– Почему вы её отпускаете? – спросил кто-то из сообщников барона у Женевьев за спиной, и тот пожал плечами.
– Потому, что в этой сваре она не принадлежит ни одной из сторон. Вы, сударыня, не поддались Монлегюру, иначе не сидели бы здесь. А кто я такой, чтобы пользоваться наследницей шармийских королей как разменной монетой? Если Богу будет угодно, он укажет ваш путь и ваше место – будь оно на троне, на задворках истории или на дне пролива. Покамест всем нам удобно то, что у Малого Совета нет законного короля. Из этого мы исходили, пусть всё так и остаётся.
– Спасибо, – горячо сказал Джонатан. – Правда, спасибо, дед. Я понимаю…
– Ох, да заткнись ты уже, бестолочь, – поморщился барон. – Поедемте-ка отсюда, нам понадобится время, чтоб связаться с нашими друзьями с побережья. А вам не помешает выспаться и отдохнуть с дороги. Особенно дамам.
Как поступили бы эти добрые люди, узнай они, что рядом с принцессой сидят дочь Стюарта Монлегюра и тот, кого прочат в истинные наследники шармийской короны? Женевьев видала от этих двоих слишком много хорошего, чтобы проверять сейчас подобное предположение. И, как знать, быть может, доброта старого барона стала ответом на её собственное решение. От этой мысли ей стало светло и хорошо, а значит, в ней была толика правды.

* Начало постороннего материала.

(* Let $\mathfrak{D}$, $\mathfrak{F}^{\mathfrak{D}}_\pm$, $g$, $x_d,x_{d'},\lambda_d$ be as in the standing setting, let $b=|W_\pm|$, and let $G=(V,E)$ be a graph. Then: (C1) If $G$ has no colouring with $2^{bk}$ colours, then for every $k$-generated valuation $\theta$ on $\mathfrak{F}^{\mathfrak{D}}_\pm\times G$ and every $m$, the formula $\gamma^{\mathfrak{D}}_m$ is true at every point of $(\mathfrak{F}^{\mathfrak{D}}_\pm\times G,\theta)$; in particular $\mathfrak{F}^{\mathfrak{D}}_\pm\times G\models\gamma^{\mathfrak{D}}_k$. (C2) If $G$ has a colouring with $N$ colours, then $\mathfrak{F}^{\mathfrak{D}}_\pm\times G\not\models\gamma^{\mathfrak{D}}_{N(b-1)+1}$.
   Context: Standing setting. Kripke frames $(W,(R_\lambda)_{\lambda\in\Lambda})$; a diagram is a finite pointed rooted frame $\mathfrak{D}=(\{x_0,\dots,x_n\},(R^{\mathfrak{D}}_\lambda),x_0)$ (every point reachable from $x_0$ by a directed path), and $\mathsf{e}^{\mathfrak{D}}(x_0)=\exists x_1\dots\exists x_n\bigwedge\{x_iR_\lambda x_j\mid x_iR^{\mathfrak{D}}_\lambda x_j\}$. An inner cycle is an undirected cycle (closed undirected path of positive length without immediate backtracking) not containing $x_0$. $\mathfrak{D}$ is globally minimal if deleting any single edge yields $\mathfrak{D}'$ such that $\forall x_0\mathsf{e}^{\mathfrak{D}'}(x_0)\to\forall x_0\mathsf{e}^{\mathfrak{D}}(x_0)$ is not first-order valid. Let $\mathfrak{D}$ be a globally minimal rooted diagram with an inner cycle, and let $\mathfrak{F}^{\mathfrak{D}}_+=(W_\pm,(R^+_\lambda),w_0)$, $\mathfrak{F}^{\mathfrak{D}}_-=(W_\pm,(R^-_\lambda),w_0)$ be finite pointed frames, $x_d,x_{d'}\in W^{\mathfrak{D}}$, $\lambda_d\in\Lambda$, and $g:\mathfrak{D}\to\mathfrak{F}^{\mathfrak{D}}_+$ an injective homomorphism (edge-preserving, $g(x_0)=w_0$) such that: (C-i) $R^-_{\lambda_d}=R^+_{\lambda_d}\setminus\{(g(x_d),g(x_{d'}))\}$ where this pair lies in $R^+_{\lambda_d}$, and $R^-_\lambda=R^+_\lambda$ for $\lambda\ne\lambda_d$; (C-ii) $\mathfrak{F}^{\mathfrak{D}}_-\not\models\mathsf{e}^{\mathfrak{D}}(w_0)$; (C-iii) $\mathfrak{F}^{\mathfrak{D}}_+\models\mathsf{e}^{\mathfrak{D}}(w_0)$; (C-iv) $g(x_d),g(x_{d'})$ are joined in $\mathfrak{F}^{\mathfrak{D}}_-$ by an undirected path avoiding $w_0$ with all points in $g(W^{\mathfrak{D}})$; (C-v) every homomorphism $h:\mathfrak{D}\to\mathfrak{F}^{\mathfrak{D}}_+$ has image $g(W^{\mathfrak{D}})$ and satisfies $h(x_i)R^+_\lambda h(x_j)\Rightarrow x_iR^{\mathfrak{D}}_\lambda x_j$; (C-vi) $\mathfrak{F}^{\mathfrak{D}}_-\models\mathsf{e}^{\mathfrak{D}}(w)$ for all $w\in W_\pm\setminus\{w_0\}$. A graph is $G=(V,E)$ with $E$ symmetric (loops allowed); an $N$-colouring is $\tau:V\to N$ with $\tau(v_1)\ne\tau(v_2)$ whenever $\{v_1,v_2\}\in E$. The pseudoproduct $\mathfrak{F}^{\mathfrak{D}}_\pm\times G$ has carrier $\{w_0\}\cup(W_\pm\setminus\{w_0\})\times V$; with $pr(w_0)=w_0$, $pr((y,v))=y$, $\pi(w_0)=\bot$, $\pi((y,v))=v$ ($\bot\notin V$), we have $\eta R_\lambda\chi$ iff either $pr(\eta)R^-_\lambda pr(\chi)$ and ($\pi(\eta)=\pi(\chi)$ or $\bot\in\{\pi(\eta),\pi(\chi)\}$), or $(pr(\eta),pr(\chi))\in R^+_\lambda\setminus R^-_\lambda$ and $\{\pi(\eta),\pi(\chi)\}\in E$. A valuation is $k$-generated if at most $k$ propositional variables get nonempty value. The formulas $\gamma^{\mathfrak{D}}_m$ are defined from a fixed spanning tree $\mathfrak{T}$ of $\mathfrak{D}$ (subframe on the same points, $R^{\mathfrak{T}}_\lambda\subseteq R^{\mathfrak{D}}_\lambda$, no edges into $x_0$, unique directed path from $x_0$ to each point) of depth $d$: with nominals $j_i$, $\chi_i=j_i\wedge\bigwedge_{x_iR^{\mathfrak{D}}_\lambda x_k}\Diamond_\lambda j_k$, $\eta_i=\chi_i\wedge\bigwedge_{x_iR^{\mathfrak{T}}_\lambda x_k}\Diamond_\lambda\eta_k$ (recursively from leaves), $\eta^{\mathfrak{D}}=\eta_0$, $\gamma^{\mathfrak{D}}_{\Psi}=\bigvee_{\kappa:\{0..n\}\to\Psi}\eta^{\mathfrak{D}}[\kappa(l)/j_l]$, and $\gamma^{\mathfrak{D}}_m=\Box^{\le d}(p_1\vee\dots\vee p_m)\to\gamma^{\mathfrak{D}}_{\{p_1,\dots,p_m\}}$, where $\Box^{\le d}\phi$ is the conjunction of all $\Box_{\lambda_1}\cdots\Box_{\lambda_k}\phi$, $k\le d$, $\lambda_i$ among indices occurring in $\mathfrak{D}$. *)

From mathcomp Require Import all_boot.
Set Implicit Arguments. Unset Strict Implicit. Unset Printing Implicit Defensive.

(* A diagram on points x_0..x_n ('I_n.+1, x_0 = ord0) is given by its finite
   list of labelled edges (x_i, lambda, x_j), meaning x_i R_lambda x_j. *)
Definition edge (n : nat) (L : eqType) := ('I_n.+1 * L * 'I_n.+1)%type.

Section Diagrams.
Variables (n : nat) (L : eqType).
Implicit Types (E ET : seq (edge n L)).

Definition is_hom E (W : Type) (R : L -> W -> W -> Prop) (w : W) (h : 'I_n.+1 -> W) :=
  h ord0 = w /\ forall e, e \in E -> R e.1.2 (h e.1.1) (h e.2).

Definition dsat E (W : Type) (R : L -> W -> W -> Prop) (w : W) : Prop :=
  exists f : 'I_n.+1 -> W, f ord0 = w /\ forall e, e \in E -> R e.1.2 (f e.1.1) (f e.2).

– Можно один вопрос? – спросила Женевьев, когда все стали подниматься из-за стола. Она глядела при этом на Гая, и он понял, что вопрос обращён к нему.
– Да? – любезно ответил тот.
– Господин ле-Брейдис назвал вас Жильбером. Это же… не совпадение?
Вы тот самый Гай Жильбер, хотела спросить она, тот самый, чьи книги о новейшей монархии и о будущем конституционных реформ я до дыр зачитала, живя в изгнании? Тот самый Жильбер, на чьи изречения ссылается великолепный ле-Гий в своём блистательном «Будущем индустриальной монархии»? Тот самый Жильбер, каждое слово которого я отпечатала в своём сердце крепче, чем образ моего далёкого, почти неведомого отца?
Но всё это было слишком пышно и слишком многословно для принцессы Женевьев. Потому она свела все эти вопросы к одной-единственной фразе, в ответ на которую Гай Жильбер удовлетворённо улыбнулся и раскланялся.
Женевьев всплеснула руками.
– И вы докатились до грабежа поездов!
– Что поделать, – посетовал тот, обходя стол и галантно предлагая ей локоть. – Издатели в наше время платить отказываются наотрез, и всё якобы оттого, что власти обрели дурную привычку сжигать мои книги на площадях. А вы читали мои труды, как я понимаю? Кое-какие из высказанных вами идей я словно сам вложил в ваши прелестные уста. В поместье, куда мы сейчас отправимся, сохранилось несколько экземпляров «Преддверия революции». Могу презентовать вам автограф…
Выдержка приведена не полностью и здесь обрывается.